Figure 4: Views of the QGIS interface, adding the OSM tile (left image) and the raster file (the historical map in jpg format; right image).
Next, within the QGIS georeferencer, a point on the historical map is selected to add a GCP. When a point is chosen, a popup box lets you either manually enter the coordinates or choose them from the map canvas, in this case, the OpenStreetMap which was added in the first step. The same spot is selected on the OSM map, the coordinates get filled in and are assigned to that GCP. The same steps are then repeated to add more GCPs.
Figure 5: Views of the QGIS georeferencer showing a popup box after selecting a point on the historical map through which to add a GCP (top image), the OSM on which to select the same point (bottom left image) and the assignation of the coordinates to the GCP on the raster image (bottom right image).
A minimum of 4 GCPs should be added that are evenly distributed around the image. The more GCPs, the more accurately the georeferenced image will align with the base map. Once a sufficient number of GCPs are added, the georeferencer is run and the historical map is aligned over the base map. Depending on how accurately the GCPs were chosen and how accurate the historical map is, there will be some warping and distortion of the historical map.
Figure 6: The QGIS interface shows the historical map of Leuven georeferenced on top of the base map.
Creative Reuse: Making the interactive online map
With the map pages set up with the historical map overlay, the next step was to add all of the places to the map. The d3 library let me parse the CSV file and add all of the locations (by using the coordinates that were added in the data enrichment stage) as points to the map. Using the Leaflet popup feature, I added the name of the place and a Bootstrap carousel of the thumbnail images to the popup.
Figure 8: Map with locations as points added.
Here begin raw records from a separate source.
Definition wm_order {T : Type} (isopen : set T -> Prop) (phi : nat -> T -> T)
    (k : nat) : Prop :=
  forall U V : nat -> set T,
    (forall i, (i < k)%nat ->
       isopen (U i) /\ isopen (V i) /\ nonempty (U i) /\ nonempty (V i)) ->
    exists n, (1 <= n)%nat /\
      forall i, (i < k)%nat -> exists a, U i a /\ V i (phi n a).

Definition weakly_mixing {T : Type} (isopen : set T -> Prop) (phi : nat -> T -> T) : Prop :=
  wm_order isopen phi 2.

Definition wm_all_orders {T : Type} (isopen : set T -> Prop) (phi : nat -> T -> T) : Prop :=
  forall k, wm_order isopen phi k.

Definition induced {X : Type} (f : nat -> X -> X) (n : nat) (A : set X) : set X :=
  img (omega f n) A.

Definition hit {X : Type} (Psi : set (set X)) (U : set X) : set (set X) :=
  fun A => Psi A /\ exists x, A x /\ U x.

Definition miss {X : Type} (Psi : set (set X)) (E : set X) : set (set X) :=
  fun A => Psi A /\ forall x, A x -> ~ E x.

Definition farmiss {X : Type} (d : X -> X -> R) (Psi : set (set X)) (E : set X)
  : set (set X) :=
  fun A => Psi A /\ exists eps, 0 < eps /\ forall x, nbhd d A eps x -> ~ E x.

Definition upper {X : Type} (Psi : set (set X)) (U : set X) : set (set X) :=
  fun A => Psi A /\ forall x, A x -> U x.

(* Delta is the topology on Psi generated by the subbase [Sub]:
   open sets are exactly the subsets W of Psi such that each point of W lies
   in a finite intersection of subbasic sets (within Psi) contained in W. *)
Definition generated_by {X : Type} (Psi : set (set X))
    (Sub : set (set (set X))) (Delta : set (set (set X))) : Prop :=
  forall W,
    Delta W <->
    ((forall A, W A -> Psi A) /\
     forall A, W A ->
       exists l : list (set (set X)),
         (forall S, In S l -> Sub S) /\ (forall S, In S l -> S A) /\
         (forall B, Psi B -> (forall S, In S l -> S B) -> W B)).

Definition same_set {T : Type} (S S' : set T) : Prop := forall a, S a <-> S' a.

Definition hm_subbase {X : Type} (d : X -> X -> R) (Psi : set (set X))
    (Efam : set (set X)) : set (set (set X)) :=
  fun S => (exists U, is_open d U /\ same_set S (hit Psi U)) \/
           (exists E, Efam E /\ same_set S (miss Psi E)).

Definition hfm_subbase {X : Type} (d : X -> X -> R) (Psi : set (set X))
    (Efam : set (set X)) : set (set (set X)) :=
  fun S => (exists U, is_open d U /\ same_set S (hit Psi U)) \/
           (exists E, Efam E /\ same_set S (farmiss d Psi E)).

Definition hit_miss_type {X : Type} (d : X -> X -> R) (Psi : set (set X))
    (Delta : set (set (set X))) : Prop :=
  exists Efam : set (set X),
    (forall E, Efam E -> is_closed d E) /\
    (generated_by Psi (hm_subbase d Psi Efam) Delta \/
     generated_by Psi (hfm_subbase d Psi Efam) Delta).

Definition admissible {X : Type} (d : X -> X -> R) (Psi : set (set X))
    (Delta : set (set (set X))) : Prop :=
  forall W, Delta W -> is_open d (fun x => W (singleton x)).

Definition induced_continuous {X : Type} (f : nat -> X -> X) (Psi : set (set X))
    (Delta : set (set (set X))) : Prop :=
  forall n W, Delta W -> Delta (fun A => Psi A /\ W (induced f n A)).

From Stdlib Require Import Reals List Lra Lia.

(* (i) Every hyperspace-open set around A contains a Vietoris-type neighbourhood
   {B in Psi : B inside an open G, B meets U_1, ..., U_m} of A; for the far-miss
   sets G is an eps/2-neighbourhood of A.  One such neighbourhood reaches another
   at time n as soon as finitely many open pairs of X all do, and a finite set of
   witnesses for these pairs is a witnessing point of Psi.  Weak mixing of all
   orders on X supplies a common time for the pairs.
   (ii) Upper sets of basic open sets give weak mixing of X.  For commuting maps,
   any m in N(U1,U2) and N(V1,V2) gives
   N(U1 & w_m^-1 U2, V1 & w_m^-1 V2) included in N(U1,V1) & N(U2,V2),
   and iterating this yields weak mixing of every order (Furstenberg). *)

Section MetricOpen.
Context {X : Type} (d : X -> X -> R).

Lemma is_open_True : is_open d (fun _ => True).
Proof. intros x _. exists 1. split; [lra | auto]. Qed.

Lemma is_open_inter (U V : set X) :
  is_open d U -> is_open d V -> is_open d (fun x => U x /\ V x).
Proof.
  intros HU HV x [Ux Vx].
  destruct (HU x Ux) as [r1 [Hr1 H1]], (HV x Vx) as [r2 [Hr2 H2]].
  exists (Rmin r1 r2). split; [apply Rmin_pos; auto |].
  intros y Hy. pose proof (Rmin_l r1 r2). pose proof (Rmin_r r1 r2).
  split; [apply H1 | apply H2]; lra.
Qed.

Hypothesis Hd : is_metric d.

Lemma is_open_nbhd (A : set X) eps : is_open d (nbhd d A eps).
Proof.
  destruct Hd as [_ [_ [Hsym Htri]]].
  intros x [a [Aa Hxa]]. exists (eps - d x a). split; [lra |].
  intros y Hy. exists a. split; auto.
  pose proof (Htri y x a). rewrite (Hsym y x) in *. lra.
Qed.

Lemma nbhd_self (A : set X) eps x : 0 < eps -> A x -> nbhd d A eps x.
Proof.
  destruct Hd as [_ [Hzero _]]. intros Heps Ax.
  exists x. split; auto. rewrite (proj2 (Hzero x x) eq_refl). exact Heps.
Qed.

Lemma nbhd_nbhd (A B : set X) e1 e2 x :
  (forall b, B b -> nbhd d A e1 b) -> nbhd d B e2 x -> nbhd d A (e1 + e2) x.
Proof.
  destruct Hd as [_ [_ [_ Htri]]].
  intros HBA [b [Bb Hxb]]. destruct (HBA b Bb) as [a [Aa Hba]].
  exists a. split; auto. pose proof (Htri x b a). lra.
Qed.

End MetricOpen.

Section Iterates.
Context {X : Type} (f : nat -> X -> X).

Lemma continuous_omega (d : X -> X -> R) :
  (forall n, continuous d (f n)) -> forall n, continuous d (omega f n).
Proof.
  intros Hf n. induction n as [| n IH]; intros U HU; simpl; [exact HU |].
  apply (IH (fun y => U (f n y))), Hf, HU.
Qed.

Hypothesis Hc : commutative f.

Lemma f_omega_comm k m x : f k (omega f m x) = omega f m (f k x).
Proof. induction m as [| m IH]; simpl; auto. rewrite Hc, IH. reflexivity. Qed.

Lemma omega_comm n m x : omega f n (omega f m x) = omega f m (omega f n x).
Proof. induction n as [| n IH]; simpl; auto. rewrite IH. apply f_omega_comm. Qed.

End Iterates.

Lemma list_choice {A B : Type} (P : A -> B -> Prop) (L : list A) :
  (forall p, In p L -> exists b, P p b) ->
  exists lb, (forall p, In p L -> exists b, In b lb /\ P p b) /\
             (forall b, In b lb -> exists p, In p L /\ P p b).
Proof.
  induction L as [| q L IH]; intros H.
  - exists nil. split; intros; simpl in *; tauto.
  - destruct IH as [lb [H1 H2]]; [intros p Hp; apply H; simpl; auto |].
    destruct (H q (in_eq q L)) as [b Hb].
    exists (b :: lb). split.
    + intros p [<- | Hp]; [exists b; simpl; auto |].
      destruct (H1 p Hp) as [a [Ha Pa]]. exists a; simpl; auto.
    + intros a [<- | Ha]; [exists q; simpl; auto |].
      destruct (H2 a Ha) as [p [Hp Pp]]. exists p; simpl; auto.
Qed.

Lemma list_collect {A : Type} (Q : A -> Prop) (P : nat -> list A -> Prop) k :
  (forall i, (i < k)%nat -> exists l, (forall a, In a l -> Q a) /\ P i l) ->
  exists L, (forall a, In a L -> Q a) /\
            forall i, (i < k)%nat -> exists l, incl l L /\ P i l.
Proof.
  induction k as [| k IH]; intros H.
  - exists nil. split; [intros a [] | intros i Hi; lia].
  - destruct IH as [L [QL HL]]; [intros i Hi; apply H; lia |].
    destruct (H k (Nat.lt_succ_diag_r k)) as [l [Ql Pl]].
    exists (L ++ l). split.
    + intros a Ha. apply in_app_or in Ha. destruct Ha; auto.
    + intros i Hi. destruct (Nat.eq_dec i k) as [-> | Hik].
      * exists l. split; auto. apply incl_appr, incl_refl.
      * destruct (HL i ltac:(lia)) as [l' [Hincl Pl']].
        exists l'. split; auto. apply incl_appl, Hincl.
Qed.

Section HittingTimes.
Context {T : Type} (isopen : set T -> Prop) (phi : nat -> T -> T).

Definition open_pair (p : set T * set T) : Prop :=
  isopen (fst p) /\ isopen (snd p) /\ nonempty (fst p) /\ nonempty (snd p).

Definition hits (n : nat) (p : set T * set T) : Prop :=
  exists x, fst p x /\ snd p (phi n x).
(* Let $(\Omega,\mathcal{F})$ be a measurable space and $T:\Omega\to\Omega$ a measurable map. Let $\mathbb{V}(A)=\sup_{P\in\Theta}P(A)$, $A\in\mathcal{F}$, be an upper probability, where $\Theta=\{P \text{ probability on }(\Omega,\mathcal{F}) : P(A)\le \mathbb{V}(A)\ \forall A\in\mathcal{F}\}$. Assume $\mathbb{V}$ is continuous (from above), $T$-invariant, and $T$-ergodic. Let $\Theta_0$ be the set of $T$-invariant probabilities in $\Theta$. Then for every $A\in\mathcal{I}$ with $\mathbb{V}(A)>0$ there exists $P'\in\Theta_0$ with $P'(A)=1$.
   Context: $\mathcal{I}=\{A\in\mathcal{F}: T^{-1}A=A\}$ is the $T$-invariant $\sigma$-algebra. $\mathbb{V}$ is continuous if $\mathbb{V}(A_n)\to 0$ whenever $A_n\in\mathcal{F}$, $A_n\downarrow\emptyset$. $\mathbb{V}$ is $T$-invariant if $\mathbb{V}(T^{-1}A)=\mathbb{V}(A)$ for all $A\in\mathcal{F}$. A continuous upper probability $\mathbb{V}$ is $T$-ergodic if $\mathbb{V}(A)\in\{0,1\}$ for every $A\in\mathcal{I}$. A probability $P$ is $T$-invariant if $P(T^{-1}A)=P(A)$ for all $A\in\mathcal{F}$. *)

From HB Require Import structures.
From mathcomp Require Import all_boot all_order all_algebra.
From mathcomp Require Import all_classical all_reals all_analysis.
Set Implicit Arguments. Unset Strict Implicit. Unset Printing Implicit Defensive.
Import Order.TTheory GRing.Theory Num.Theory.
Local Open Scope classical_set_scope.
Local Open Scope ring_scope.
Local Open Scope ereal_scope.

Section UpperProb.
Context {d : measure_display} {Om : measurableType d} {R : realType}.

Definition Theta (V : set Om -> \bar R) : set (probability Om R) :=
  [set P | forall A, measurable A -> P A <= V A].

Definition is_upper_probability (V : set Om -> \bar R) : Prop :=
  forall A, measurable A -> V A = ereal_sup [set P A | P in Theta V].

Definition V_continuous (V : set Om -> \bar R) : Prop :=
  forall A : nat -> set Om, (forall n, measurable (A n)) ->
    (forall n, A n.+1 `<=` A n) -> \bigcap_n A n = set0 ->
    V (A n) @[n --> \oo] --> 0.

Definition invariant_sets (T : Om -> Om) : set (set Om) :=
  [set A | measurable A /\ T @^-1` A = A].

Definition V_Tinvariant (V : set Om -> \bar R) (T : Om -> Om) : Prop :=
  forall A, measurable A -> V (T @^-1` A) = V A.

Definition V_Tergodic (V : set Om -> \bar R) (T : Om -> Om) : Prop :=
  forall A, invariant_sets T A -> V A = 0 \/ V A = 1.

Definition prob_Tinvariant (T : Om -> Om) (P : probability Om R) : Prop :=
  forall A, measurable A -> P (T @^-1` A) = P A.

Definition Theta0 (V : set Om -> \bar R) (T : Om -> Om) : set (probability Om R) :=
  [set P | Theta V P /\ prob_Tinvariant T P].

End UpperProb.

(* Since A is invariant, ergodicity forces V(A) = 1, so Theta contains
   probabilities P_n with P_n(A) -> 1.  Average P_n along the orbit:
   m_n(B) = (1/(n+1)) sum_(k <= n) P_n(T^-k B).  Each m_n is still dominated by
   V (V is T-invariant), gives A the mass P_n(A) (A is invariant), and is
   T-invariant up to 1/(n+1).  A limit m along an ultrafilter refining the
   cofinite filter is therefore a finitely additive, T-invariant, normalised
   set function with m <= V and m(A) = 1.  Domination by V transfers the
   continuity of V at the empty set to m, which makes m a probability. *)

From HB Require Import structures.
From mathcomp Require Import all_boot all_order all_algebra.
From mathcomp Require Import all_classical all_reals all_analysis.
From mathcomp Require Import lra.
Set Implicit Arguments.
Unset Strict Implicit.
Unset Printing Implicit Defensive.
Import Order.TTheory GRing.Theory Num.Theory.
Import numFieldNormedType.Exports.
Local Open Scope classical_set_scope.
Local Open Scope ring_scope.

Lemma ultra_cvg_compact {I : Type} {X : ptopologicalType} (U : set_system I)
    (K : set X) (u : I -> X) :
  UltraFilter U -> compact K -> (forall i, K (u i)) -> cvg (u @ U).
Proof.
move=> UU cK Ku; apply/cvg_ex.
have [|p [_ clp]] := cK (u @ U) (fmap_proper_filter u ultra_proper).
  exact: (@filterE _ U _ (u @^-1` K)).
exists p => N Np; have [//|UNc] := in_ultra_setVsetC (u @^-1` N) UU.
by have [x [] //] := clp (~` N) N UNc Np.
Qed.

Section mean.
Context {R : realFieldType}.

Lemma mean_le n (f : nat -> R) (c : R) : (forall k, f k <= c) ->
  (\sum_(k < n.+1) f k) / n.+1%:R <= c.
Proof.
move=> fc; rewrite ler_pdivrMr ?ltr0Sn //.
apply: le_trans (ler_sum _ (fun (k : 'I_n.+1) _ => fc k)) _.
by rewrite sumr_const card_ord mulr_natr.
Qed.

Lemma mean_cst n (c : R) : (\sum_(k < n.+1) c) / n.+1%:R = c.
Proof. by rewrite sumr_const card_ord -[c *+ _]mulr_natr mulfK ?pnatr_eq0. Qed.

End mean.

Lemma bigcup_geS {T : Type} (F : nat -> set T) n :
  \bigcup_(i >= n) F i = F n `|` \bigcup_(i >= n.+1) F i.
Proof.
apply/seteqP; split => [x [i /= + Fix]|x [Fnx|[i /= ni Fix]]].
- by rewrite leq_eqVlt => /orP[/eqP ->|ni]; [left|right; exists i].
- by exists n => /=.
- by exists i => //=; exact: ltnW.
Qed.

Lemma trivIset_setI_bigcup_geS {T : Type} (F : nat -> set T) n :
  trivIset setT F -> F n `&` \bigcup_(i >= n.+1) F i = set0.
Proof.
move=> tF; apply/seteqP; split => // x [Fnx [i /= ni Fix]].
suff ni' : n = i by rewrite ni' ltnn in ni.
by apply: tF => //; exists x.
Qed.

Lemma trivIset_bigcap_bigcup_ge {T : Type} (F : nat -> set T) :
  trivIset setT F -> \bigcap_n \bigcup_(i >= n) F i = set0.
Proof.
move=> tF; apply/seteqP; split => // x Fx.
have [i _ Fix] := Fx 0%N I; have [j /= ij Fjx] := Fx i.+1 I.
suff ij' : i = j by rewrite ij' ltnn in ij.
by apply: tF => //; exists x.
Qed.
Popup includes the place name and a carousel of thumbnail images of that place.
For some final touches on the map, the Leaflet Marker Cluster plug-in was used to cluster the markers that were close to each other so the map wasn’t overwhelmed with markers on the map. The Leaflet Extra Markers plug-in was used to change the color and add icons and numbers to the markers to allow for easy identification of the category of the place.
Enjoy exploring our selected Views of Leuven!
Figure 9: Map with the customized, clustered markers showing the layers that are available.